--- WHAT IS REQUIRED ---
Print the first line of the data below and every one after it, through the line containing "Game gl gr =>", exactly as written.

Saved data entries
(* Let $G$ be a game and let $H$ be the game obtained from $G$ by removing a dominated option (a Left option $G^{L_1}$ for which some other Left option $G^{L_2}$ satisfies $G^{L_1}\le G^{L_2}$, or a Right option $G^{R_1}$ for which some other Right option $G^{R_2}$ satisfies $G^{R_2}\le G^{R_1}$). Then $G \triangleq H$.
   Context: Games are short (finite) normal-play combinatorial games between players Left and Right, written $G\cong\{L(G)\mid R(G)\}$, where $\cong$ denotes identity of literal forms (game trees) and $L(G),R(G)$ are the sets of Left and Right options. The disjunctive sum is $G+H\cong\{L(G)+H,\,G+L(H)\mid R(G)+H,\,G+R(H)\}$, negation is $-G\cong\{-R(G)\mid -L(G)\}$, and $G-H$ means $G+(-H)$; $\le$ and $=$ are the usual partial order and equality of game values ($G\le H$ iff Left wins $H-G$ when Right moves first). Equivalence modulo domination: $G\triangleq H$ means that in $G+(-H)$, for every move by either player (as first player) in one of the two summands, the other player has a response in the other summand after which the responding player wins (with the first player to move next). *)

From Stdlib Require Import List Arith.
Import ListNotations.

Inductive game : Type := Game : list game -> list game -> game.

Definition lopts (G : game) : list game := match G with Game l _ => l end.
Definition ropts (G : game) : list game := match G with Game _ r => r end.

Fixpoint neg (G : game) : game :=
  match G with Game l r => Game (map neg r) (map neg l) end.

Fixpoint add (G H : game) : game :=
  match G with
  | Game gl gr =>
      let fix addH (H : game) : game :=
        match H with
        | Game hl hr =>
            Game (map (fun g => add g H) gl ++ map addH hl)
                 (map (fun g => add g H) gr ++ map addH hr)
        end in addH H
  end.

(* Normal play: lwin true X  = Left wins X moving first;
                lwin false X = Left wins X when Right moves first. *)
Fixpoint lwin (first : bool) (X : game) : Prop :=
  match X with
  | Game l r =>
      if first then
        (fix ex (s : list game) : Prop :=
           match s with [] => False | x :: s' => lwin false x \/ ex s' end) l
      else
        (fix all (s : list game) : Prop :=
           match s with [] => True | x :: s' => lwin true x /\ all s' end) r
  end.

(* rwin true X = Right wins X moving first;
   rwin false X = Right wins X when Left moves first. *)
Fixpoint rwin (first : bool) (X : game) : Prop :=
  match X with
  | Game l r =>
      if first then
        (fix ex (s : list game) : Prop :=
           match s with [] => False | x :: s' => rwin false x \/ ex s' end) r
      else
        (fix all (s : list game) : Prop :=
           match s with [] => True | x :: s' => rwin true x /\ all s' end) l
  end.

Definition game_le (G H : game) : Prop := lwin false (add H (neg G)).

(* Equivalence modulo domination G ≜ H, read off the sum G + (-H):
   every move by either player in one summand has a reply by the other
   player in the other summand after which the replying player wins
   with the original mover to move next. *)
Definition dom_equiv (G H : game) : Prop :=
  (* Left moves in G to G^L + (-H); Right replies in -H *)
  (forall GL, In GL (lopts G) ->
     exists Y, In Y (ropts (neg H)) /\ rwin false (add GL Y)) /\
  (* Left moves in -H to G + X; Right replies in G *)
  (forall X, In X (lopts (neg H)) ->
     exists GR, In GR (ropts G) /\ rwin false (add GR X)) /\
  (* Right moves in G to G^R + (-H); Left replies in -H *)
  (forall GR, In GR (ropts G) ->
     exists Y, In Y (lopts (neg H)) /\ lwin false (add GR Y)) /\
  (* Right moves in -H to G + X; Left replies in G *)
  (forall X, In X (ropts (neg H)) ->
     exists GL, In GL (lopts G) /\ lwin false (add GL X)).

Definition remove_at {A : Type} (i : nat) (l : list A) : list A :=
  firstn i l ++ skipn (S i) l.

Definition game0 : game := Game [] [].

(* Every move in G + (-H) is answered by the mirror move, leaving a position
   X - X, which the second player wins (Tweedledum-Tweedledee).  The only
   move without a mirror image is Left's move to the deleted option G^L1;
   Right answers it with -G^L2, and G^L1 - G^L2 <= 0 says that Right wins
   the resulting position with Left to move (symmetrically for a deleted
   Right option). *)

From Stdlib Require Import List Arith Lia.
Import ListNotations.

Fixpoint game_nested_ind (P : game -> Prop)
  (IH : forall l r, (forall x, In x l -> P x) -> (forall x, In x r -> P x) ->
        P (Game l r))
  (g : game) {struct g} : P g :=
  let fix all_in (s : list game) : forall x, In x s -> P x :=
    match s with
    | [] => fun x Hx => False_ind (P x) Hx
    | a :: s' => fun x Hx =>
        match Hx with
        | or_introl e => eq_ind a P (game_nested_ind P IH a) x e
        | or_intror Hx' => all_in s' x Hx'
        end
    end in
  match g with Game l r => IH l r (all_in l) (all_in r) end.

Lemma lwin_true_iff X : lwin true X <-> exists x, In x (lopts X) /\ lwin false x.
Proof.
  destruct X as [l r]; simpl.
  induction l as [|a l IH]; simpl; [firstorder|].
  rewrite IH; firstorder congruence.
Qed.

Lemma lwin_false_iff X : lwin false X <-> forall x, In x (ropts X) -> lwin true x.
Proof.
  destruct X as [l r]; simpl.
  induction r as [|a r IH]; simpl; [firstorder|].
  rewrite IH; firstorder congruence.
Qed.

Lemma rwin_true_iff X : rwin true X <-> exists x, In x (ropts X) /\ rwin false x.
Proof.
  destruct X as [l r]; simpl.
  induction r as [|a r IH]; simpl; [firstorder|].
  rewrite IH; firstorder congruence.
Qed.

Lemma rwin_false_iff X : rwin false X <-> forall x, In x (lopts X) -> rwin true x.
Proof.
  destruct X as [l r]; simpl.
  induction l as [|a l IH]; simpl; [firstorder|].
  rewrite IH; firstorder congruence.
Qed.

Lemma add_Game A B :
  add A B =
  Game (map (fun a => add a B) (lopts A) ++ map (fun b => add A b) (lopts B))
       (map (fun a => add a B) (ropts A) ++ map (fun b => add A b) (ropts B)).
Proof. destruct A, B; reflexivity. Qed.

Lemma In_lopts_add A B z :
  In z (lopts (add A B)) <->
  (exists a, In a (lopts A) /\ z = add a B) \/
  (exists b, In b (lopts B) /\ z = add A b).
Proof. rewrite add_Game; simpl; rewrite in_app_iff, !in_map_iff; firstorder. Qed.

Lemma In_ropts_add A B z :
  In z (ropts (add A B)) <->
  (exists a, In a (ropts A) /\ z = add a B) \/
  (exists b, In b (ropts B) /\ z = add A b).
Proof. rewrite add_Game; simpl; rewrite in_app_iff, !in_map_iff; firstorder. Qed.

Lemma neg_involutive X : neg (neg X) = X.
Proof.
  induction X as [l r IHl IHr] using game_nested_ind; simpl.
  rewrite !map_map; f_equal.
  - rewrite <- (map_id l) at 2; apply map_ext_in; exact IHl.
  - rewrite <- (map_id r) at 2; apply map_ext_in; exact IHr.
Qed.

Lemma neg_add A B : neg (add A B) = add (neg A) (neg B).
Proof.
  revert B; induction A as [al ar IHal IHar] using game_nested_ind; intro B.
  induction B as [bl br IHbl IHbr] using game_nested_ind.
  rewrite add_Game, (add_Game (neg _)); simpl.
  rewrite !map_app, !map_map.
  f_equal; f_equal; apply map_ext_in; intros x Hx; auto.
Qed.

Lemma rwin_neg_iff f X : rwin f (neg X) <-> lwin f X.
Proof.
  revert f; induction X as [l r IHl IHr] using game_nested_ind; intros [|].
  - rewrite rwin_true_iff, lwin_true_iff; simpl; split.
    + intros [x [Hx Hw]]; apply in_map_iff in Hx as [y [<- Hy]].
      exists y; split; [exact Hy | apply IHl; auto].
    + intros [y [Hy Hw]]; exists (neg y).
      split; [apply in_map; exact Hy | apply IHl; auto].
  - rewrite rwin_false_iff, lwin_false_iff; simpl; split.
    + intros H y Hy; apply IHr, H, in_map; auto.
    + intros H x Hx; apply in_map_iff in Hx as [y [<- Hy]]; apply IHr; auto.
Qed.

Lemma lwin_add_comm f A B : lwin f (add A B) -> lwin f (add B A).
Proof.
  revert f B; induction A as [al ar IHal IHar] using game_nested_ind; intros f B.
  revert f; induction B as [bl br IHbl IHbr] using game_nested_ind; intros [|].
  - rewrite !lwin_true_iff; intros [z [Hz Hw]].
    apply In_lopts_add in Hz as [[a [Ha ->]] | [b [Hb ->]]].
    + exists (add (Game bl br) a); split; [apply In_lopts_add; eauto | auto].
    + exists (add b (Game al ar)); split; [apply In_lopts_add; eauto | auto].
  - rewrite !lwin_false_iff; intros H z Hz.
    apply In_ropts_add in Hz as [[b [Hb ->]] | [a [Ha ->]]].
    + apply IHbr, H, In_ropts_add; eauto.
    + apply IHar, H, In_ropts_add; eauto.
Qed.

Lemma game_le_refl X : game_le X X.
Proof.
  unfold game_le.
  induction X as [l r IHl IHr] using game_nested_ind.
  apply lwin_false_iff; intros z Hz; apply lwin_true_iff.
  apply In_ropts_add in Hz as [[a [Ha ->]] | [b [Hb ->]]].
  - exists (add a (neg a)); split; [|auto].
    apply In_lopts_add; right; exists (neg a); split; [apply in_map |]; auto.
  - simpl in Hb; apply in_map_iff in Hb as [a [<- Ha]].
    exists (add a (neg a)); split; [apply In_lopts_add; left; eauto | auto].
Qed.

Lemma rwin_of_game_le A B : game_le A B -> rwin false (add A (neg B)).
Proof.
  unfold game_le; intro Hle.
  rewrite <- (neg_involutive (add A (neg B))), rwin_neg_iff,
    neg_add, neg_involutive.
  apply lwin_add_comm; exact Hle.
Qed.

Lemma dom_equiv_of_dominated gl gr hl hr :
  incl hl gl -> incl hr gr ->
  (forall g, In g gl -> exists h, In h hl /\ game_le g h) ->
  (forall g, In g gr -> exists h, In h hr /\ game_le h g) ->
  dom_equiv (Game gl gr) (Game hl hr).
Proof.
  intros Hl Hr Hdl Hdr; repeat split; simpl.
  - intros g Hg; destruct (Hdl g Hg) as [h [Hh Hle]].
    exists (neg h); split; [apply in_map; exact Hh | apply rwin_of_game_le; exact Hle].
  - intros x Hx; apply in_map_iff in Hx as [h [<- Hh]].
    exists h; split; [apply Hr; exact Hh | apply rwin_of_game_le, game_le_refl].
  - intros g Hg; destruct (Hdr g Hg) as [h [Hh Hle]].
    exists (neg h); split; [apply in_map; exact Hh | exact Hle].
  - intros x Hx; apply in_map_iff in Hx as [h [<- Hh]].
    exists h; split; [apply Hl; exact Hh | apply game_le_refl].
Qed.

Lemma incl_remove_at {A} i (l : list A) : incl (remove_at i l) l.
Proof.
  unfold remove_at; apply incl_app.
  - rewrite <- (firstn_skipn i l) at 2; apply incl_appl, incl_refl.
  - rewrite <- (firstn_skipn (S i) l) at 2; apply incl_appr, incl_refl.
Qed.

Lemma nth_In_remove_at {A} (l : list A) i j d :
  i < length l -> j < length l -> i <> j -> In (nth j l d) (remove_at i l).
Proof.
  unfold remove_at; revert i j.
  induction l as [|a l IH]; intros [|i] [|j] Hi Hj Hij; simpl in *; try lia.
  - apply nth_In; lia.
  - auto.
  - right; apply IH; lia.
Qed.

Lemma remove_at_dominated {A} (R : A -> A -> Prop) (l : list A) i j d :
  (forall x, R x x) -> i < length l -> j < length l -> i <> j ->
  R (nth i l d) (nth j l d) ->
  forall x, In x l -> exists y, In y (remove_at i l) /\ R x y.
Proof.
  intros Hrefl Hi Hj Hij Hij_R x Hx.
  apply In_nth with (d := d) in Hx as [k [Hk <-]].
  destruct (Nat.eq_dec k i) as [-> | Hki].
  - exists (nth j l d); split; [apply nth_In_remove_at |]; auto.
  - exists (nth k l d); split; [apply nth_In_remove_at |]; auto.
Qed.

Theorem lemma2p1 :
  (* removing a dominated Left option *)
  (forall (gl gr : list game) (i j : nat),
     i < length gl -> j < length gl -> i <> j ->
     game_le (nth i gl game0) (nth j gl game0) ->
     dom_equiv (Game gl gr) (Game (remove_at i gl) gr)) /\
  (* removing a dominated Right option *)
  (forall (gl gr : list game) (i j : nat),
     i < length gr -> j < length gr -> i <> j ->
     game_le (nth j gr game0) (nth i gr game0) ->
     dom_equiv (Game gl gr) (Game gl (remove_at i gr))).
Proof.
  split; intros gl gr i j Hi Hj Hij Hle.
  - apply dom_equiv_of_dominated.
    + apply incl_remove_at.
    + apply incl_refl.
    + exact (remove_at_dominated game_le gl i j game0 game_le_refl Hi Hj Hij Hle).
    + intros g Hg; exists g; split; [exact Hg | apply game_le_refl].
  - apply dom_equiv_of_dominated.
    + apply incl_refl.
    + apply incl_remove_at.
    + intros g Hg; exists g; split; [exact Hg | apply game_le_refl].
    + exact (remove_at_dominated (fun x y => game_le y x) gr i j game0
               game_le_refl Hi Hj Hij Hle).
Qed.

--- OUTPUT BELOW ---
(* Let $G$ be a game and let $H$ be the game obtained from $G$ by removing a dominated option (a Left option $G^{L_1}$ for which some other Left option $G^{L_2}$ satisfies $G^{L_1}\le G^{L_2}$, or a Right option $G^{R_1}$ for which some other Right option $G^{R_2}$ satisfies $G^{R_2}\le G^{R_1}$). Then $G \triangleq H$.
   Context: Games are short (finite) normal-play combinatorial games between players Left and Right, written $G\cong\{L(G)\mid R(G)\}$, where $\cong$ denotes identity of literal forms (game trees) and $L(G),R(G)$ are the sets of Left and Right options. The disjunctive sum is $G+H\cong\{L(G)+H,\,G+L(H)\mid R(G)+H,\,G+R(H)\}$, negation is $-G\cong\{-R(G)\mid -L(G)\}$, and $G-H$ means $G+(-H)$; $\le$ and $=$ are the usual partial order and equality of game values ($G\le H$ iff Left wins $H-G$ when Right moves first). Equivalence modulo domination: $G\triangleq H$ means that in $G+(-H)$, for every move by either player (as first player) in one of the two summands, the other player has a response in the other summand after which the responding player wins (with the first player to move next). *)

From Stdlib Require Import List Arith.
Import ListNotations.

Inductive game : Type := Game : list game -> list game -> game.

Definition lopts (G : game) : list game := match G with Game l _ => l end.
Definition ropts (G : game) : list game := match G with Game _ r => r end.

Fixpoint neg (G : game) : game :=
  match G with Game l r => Game (map neg r) (map neg l) end.

Fixpoint add (G H : game) : game :=
  match G with
  | Game gl gr =>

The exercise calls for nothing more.